The politicians of the Northern Ruhengeri Gisenyi axis

Despite the crucial role of the Northern Hutu in overthrowing the Tutsi, the Belgians handed the reins of power to a southern coalition at independence in July 1962.Gregoire Kayibnada emerged from this group as the new country’s first president. A moderate who preached Hutu unity, Kayibanda led a government that practiced systematic discrimination against the Tutsi. The government also directed a disproportionate share of the nation’s limited foreign investment to the favored central and southern provinces. After ten years of perceived regional neglect and national decline, the Northern Hutu again took matters into their own hands. On July 5, 1973, a bloodless coup installed Juvenal Habyarimana as president of the second republic the event that caused Idi Amini to hold us captive as Peace Corps volunteers in the Entebbe airport. Kayibanda was placed under house arrest, where he died of chronic alcoholism several years later.
The politicians of the Northern Ruhengeri Gisenyi axis were a dynamic group. Once they felt comfortably in control of internal affairs, they opened their borders in the mid-1970s and rolled out the welcome mat for foreigners. Belgian, Swiss, French and German donors were impressed with the seriousness of their hosts. The image of Rwanda as the “Switzerland of Africa” stable hardworking, beautiful began to take hold. The strict quota system, under which 10 percent of all government jobs and school openings were allocated to Tutsi according to their ethnic representation in the population, should have been repulsive to most westerners. Yet even this was held up as an enlightened policy toward minorities in comparison with practices in most African countries at that time. Habyarimana was seen by many as the kind of benign dictator the continent needed to move forward. The Rwanda story warmed the hearts and loosened the purse strings of foreign investors. By 1978, even the United States agency for international development was hiring staff to open a full office in Kigali. As development assistance flowed at unprecedented levels, the rising tide lifted all regions. But the biggest wealthiest projects were generally steered toward Ruhengeri and Gisenyi.
The Habyarimana government was not just a passive recipient of foreign assistance, it under took some much needed initiatives. Nearly half of its budget was dedicated to agriculture. Following a post independence period of neglect under the first republic Rwandans were again attentive to their land resource base. Six thousand miles of terraces and hedgerows were built or restored in the government’s first five years providing increased erosion protection to almost one quarter of the existing arable land base. Starting in 1975, millions of trees were planted each year. Both activities were supported primarily by Rwandan financing and labour. When we arrived in early 1978, fewer than one hundred miles of paved road existed in the entire country. Within two years, a grid covering all majors’ arteries was planned and financed by a curious consortium of donors that included the Italians, Libyans and Chinese.
Secondly only to agriculture, the new government invested heavily in education spending more than one quarter of its annual budget in support of schools and school children. Still fewer than half of all eligible Rwandan children attended primary school by the late 1970s only one child in fifty attended secondary school. Part of the problem was a lack of classroom, part of the problem was lack of teachers. The colonial powers had not invested in this sector certainly not for disempowered Hutu students. A radical program of educational reform was launched in 1979 to increase classroom access and make the curriculum more relevant to Rwandan needs. Without any setbacks or interruptions, the new program’s first graduates would emerge from high school and college in the late 1990’s.

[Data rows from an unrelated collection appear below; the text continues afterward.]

(* Let $\mathcal A$ be a modal category whose semantic functor sends every object to a monotone and idempotent operator (i.e. $S\subseteq T\Rightarrow A^+(S)\subseteq A^+(T)$ and $A^+\circ A^+=A^+$). Let $X$ be a set, $G$ a set and $(A_a)_{a\in G}$ a family in $\mathcal A_X$. Then for any $n\ge1$ and any $a_1,\dots,a_n\in G$, and every $S\subseteq X$, $\big(\bigvee_{a\in G}A_a\big)^+(S)\subseteq A_{a_1}^+\big(A_{a_2}^+(\cdots A_{a_n}^+(S)\cdots)\big)$, where $\bigvee$ is the join in the complete lattice $\mathcal A_X$.
   Context: A modal category is a topological category $\mathcal A$ over $\mathbf{Set}$ (faithful forgetful functor in which every structured source has exactly one initial lift; each fibre $\mathcal A_X$ of objects over $X$, ordered by $A\le A'$ iff $\mathrm{id}_X$ is a morphism $A\to A'$, is a complete lattice) together with a concrete functor $(-)^+:\mathcal A\to\mathbf{CABAO}$; $A^+:\wp(X)\to\wp(X)$ denotes the operator assigned to $A\in\mathcal A_X$. $\mathbf{CABAO}$ has objects $(X,m)$, $m:\wp(X)\to\wp(X)$ arbitrary, and morphisms $f:(X,m)\to(Y,n)$ functions with $f^{-1}(n(T))\subseteq m(f^{-1}(T))$ for all $T\subseteq Y$. *)

From Stdlib Require Import List.
Import ListNotations.

Definition subset {X : Type} (S T : X -> Prop) : Prop := forall x, S x -> T x.

(* A (concrete) category over Set, presented fibrewise (amnestic presentation):
   Str X = objects with underlying set X (the fibre A_X),
   Hom A B f = "the function f : X -> Y is a morphism A -> B".
   Morphisms are functions, so the forgetful functor is faithful.
   A modal category additionally carries the concrete functor (-)^+ to CABAO,
   given on objects by op A : P(X) -> P(X); on morphisms it is the identity on
   underlying functions, so functoriality is the CABAO-morphism condition
   f^{-1}(op B T) ⊆ op A (f^{-1} T). *)
Record ModalCategory := {
  Str : Type -> Type;
  Hom : forall (X Y : Type), Str X -> Str Y -> (X -> Y) -> Prop;
  hom_id : forall (X : Type) (A : Str X), Hom X X A A (fun x => x);
  hom_comp : forall (X Y Z : Type) (A : Str X) (B : Str Y) (C : Str Z)
               (f : X -> Y) (g : Y -> Z),
      Hom X Y A B f -> Hom Y Z B C g -> Hom X Z A C (fun x => g (f x));
  (* topological: every structured source (f_i : X -> Y_i, B_i)_{i in I}
     has exactly one initial lift A in the fibre over X *)
  initial_lift : forall (X : Type) (I : Type) (Y : I -> Type)
      (B : forall i, Str (Y i)) (f : forall i, X -> Y i),
      exists! A : Str X, forall (Z : Type) (C : Str Z) (g : Z -> X),
        Hom Z X C A g <-> (forall i, Hom Z (Y i) C (B i) (fun z => f i (g z)));
  (* the fibre order A <= A' iff id_X : A -> A' is a partial order ... *)
  fibre_antisym : forall (X : Type) (A A' : Str X),
      Hom X X A A' (fun x => x) -> Hom X X A' A (fun x => x) -> A = A';
  fibre_complete : forall (X : Type) (I : Type) (F : I -> Str X),
      exists J : Str X,
        (forall i, Hom X X (F i) J (fun x => x)) /\
        (forall K : Str X, (forall i, Hom X X (F i) K (fun x => x)) ->
                           Hom X X J K (fun x => x));
  op : forall (X : Type), Str X -> (X -> Prop) -> (X -> Prop);
  op_functor : forall (X Y : Type) (A : Str X) (B : Str Y) (f : X -> Y),
      Hom X Y A B f ->
      forall (T : Y -> Prop), subset (fun x => op Y B T (f x))
                                     (op X A (fun x => T (f x)))
}.

Arguments Str : clear implicits.
Arguments Hom _ {X Y} _ _ _.
Arguments op _ {X} _ _ _.

Definition fibre_le (M : ModalCategory) {X : Type} (A A' : Str M X) : Prop :=
  Hom M A A' (fun x => x).

Definition is_join (M : ModalCategory) {X : Type} {G : Type}
    (F : G -> Str M X) (J : Str M X) : Prop :=
  (forall a, fibre_le M (F a) J) /\
  (forall K, (forall a, fibre_le M (F a) K) -> fibre_le M J K).

Definition iter_ops (M : ModalCategory) {X G : Type} (F : G -> Str M X)
    (l : list G) (S : X -> Prop) : X -> Prop :=
  fold_right (fun a T => op M (F a) T) S l.

(* The join J lies above every A_a, so contravariance of (-)^+ along the
   identity gives J^+ T ⊆ A_a^+ T for every a.  Idempotence lets J^+ S be
   unfolded into J^+ (J^+ (... J^+ S)) with n factors, and monotonicity lets
   each factor be replaced in turn by the corresponding A_{a_i}^+. *)
From Stdlib Require Import List.
Import ListNotations.

Lemma op_antitone (M : ModalCategory) (X : Type) (A B : Str M X)
    (T : X -> Prop) :
  fibre_le M A B -> subset (op M B T) (op M A T).
Proof. intros HAB. exact (op_functor M X X A B (fun x => x) HAB T). Qed.

Lemma op_join_sub (M : ModalCategory) (X G : Type) (F : G -> Str M X)
    (J : Str M X) (a : G) (T : X -> Prop) :
  is_join M F J -> subset (op M J T) (op M (F a) T).
Proof. intros [Hub _]. apply op_antitone, Hub. Qed.

Section IdempotentBelowIterates.

Variables (X G : Type) (m : (X -> Prop) -> X -> Prop)
  (n : G -> (X -> Prop) -> X -> Prop).

Hypothesis n_mono : forall a S T, subset S T -> subset (n a S) (n a T).
Hypothesis m_idem : forall S, subset (m S) (m (m S)).
Hypothesis m_below : forall a T, subset (m T) (n a T).

Lemma idempotent_sub_fold (l : list G) (S : X -> Prop) :
  l <> [] -> subset (m S) (fold_right n S l).
Proof.
  induction l as [|a l IH]; intros Hl; [congruence|].
  destruct l as [|b l'].
  - apply m_below.
  - intros x Hx. apply m_idem, (m_below a) in Hx.
    exact (n_mono a _ _ (IH ltac:(discriminate)) x Hx).
Qed.

End IdempotentBelowIterates.

Theorem lemma4 (M : ModalCategory)
  (Hmono : forall (X : Type) (A : Str M X) (S T : X -> Prop),
      subset S T -> subset (op M A S) (op M A T))
  (Hidem : forall (X : Type) (A : Str M X) (S : X -> Prop) (x : X),
      op M A (op M A S) x <-> op M A S x)
  (X G : Type) (F : G -> Str M X) (J : Str M X) (HJ : is_join M F J)
  (l : list G) (Hl : l <> nil) (S : X -> Prop) :
  subset (op M J S) (iter_ops M F l S).
Proof.
  apply (idempotent_sub_fold X G (op M J) (fun a => op M (F a))); auto.
  - intros T x. apply Hidem.
  - intros a T. exact (op_join_sub M X G F J a T HJ).
Qed.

Public health spending was more modest. Only 6 percent of the annual budget was dedicated to this sector, virtually none of it for family planning in 1978 nearly one fourth of all Rwandan children died before the age of five barely better than the 29 percent mortality rate for young gorillas. Still fertility rates for women of reproductive age approached the biological maximum and the overall human population was growing at 3.7 percent per annum. Rwanda rose toward the top of lists of the world’s most densely populated countries, with nearly five hundred people per square mile. If considering only agricultural lands, the density raised to more than 1300 per square mile an extremely relevant figure in a nation where 95 percent of the people lived off what they could produce on shrinking rural holdings. The average farm size was down to an acre, framers were becoming intensive gardeners and further sub division of most family plots through inheritance was out of the question. In a small land locked nation with few minerals and an overdependence on coffee, alternative development options were limited.
As one of its first acts, the Habyarimana government created the office Rwanda is du Tourism et des Parcs Nationaux (ORTPN) in 1974.This removed conservation from the ministry of Agriculture which had approved the 1969 conversation of 25,000 acres of Virunga parkland for pyrethrum production. It also gave new emphasis to development of the tourism sector of the economy. Yet by 1979, the rising tide of human settlement again lapped at the Virunga shore. Land hungry farmers cast covetous looks toward what was left of the PARC National des Volcans. Northern politicians were all too ready to oblige their constituent’s interests as well as their own and Western donors had money to spend.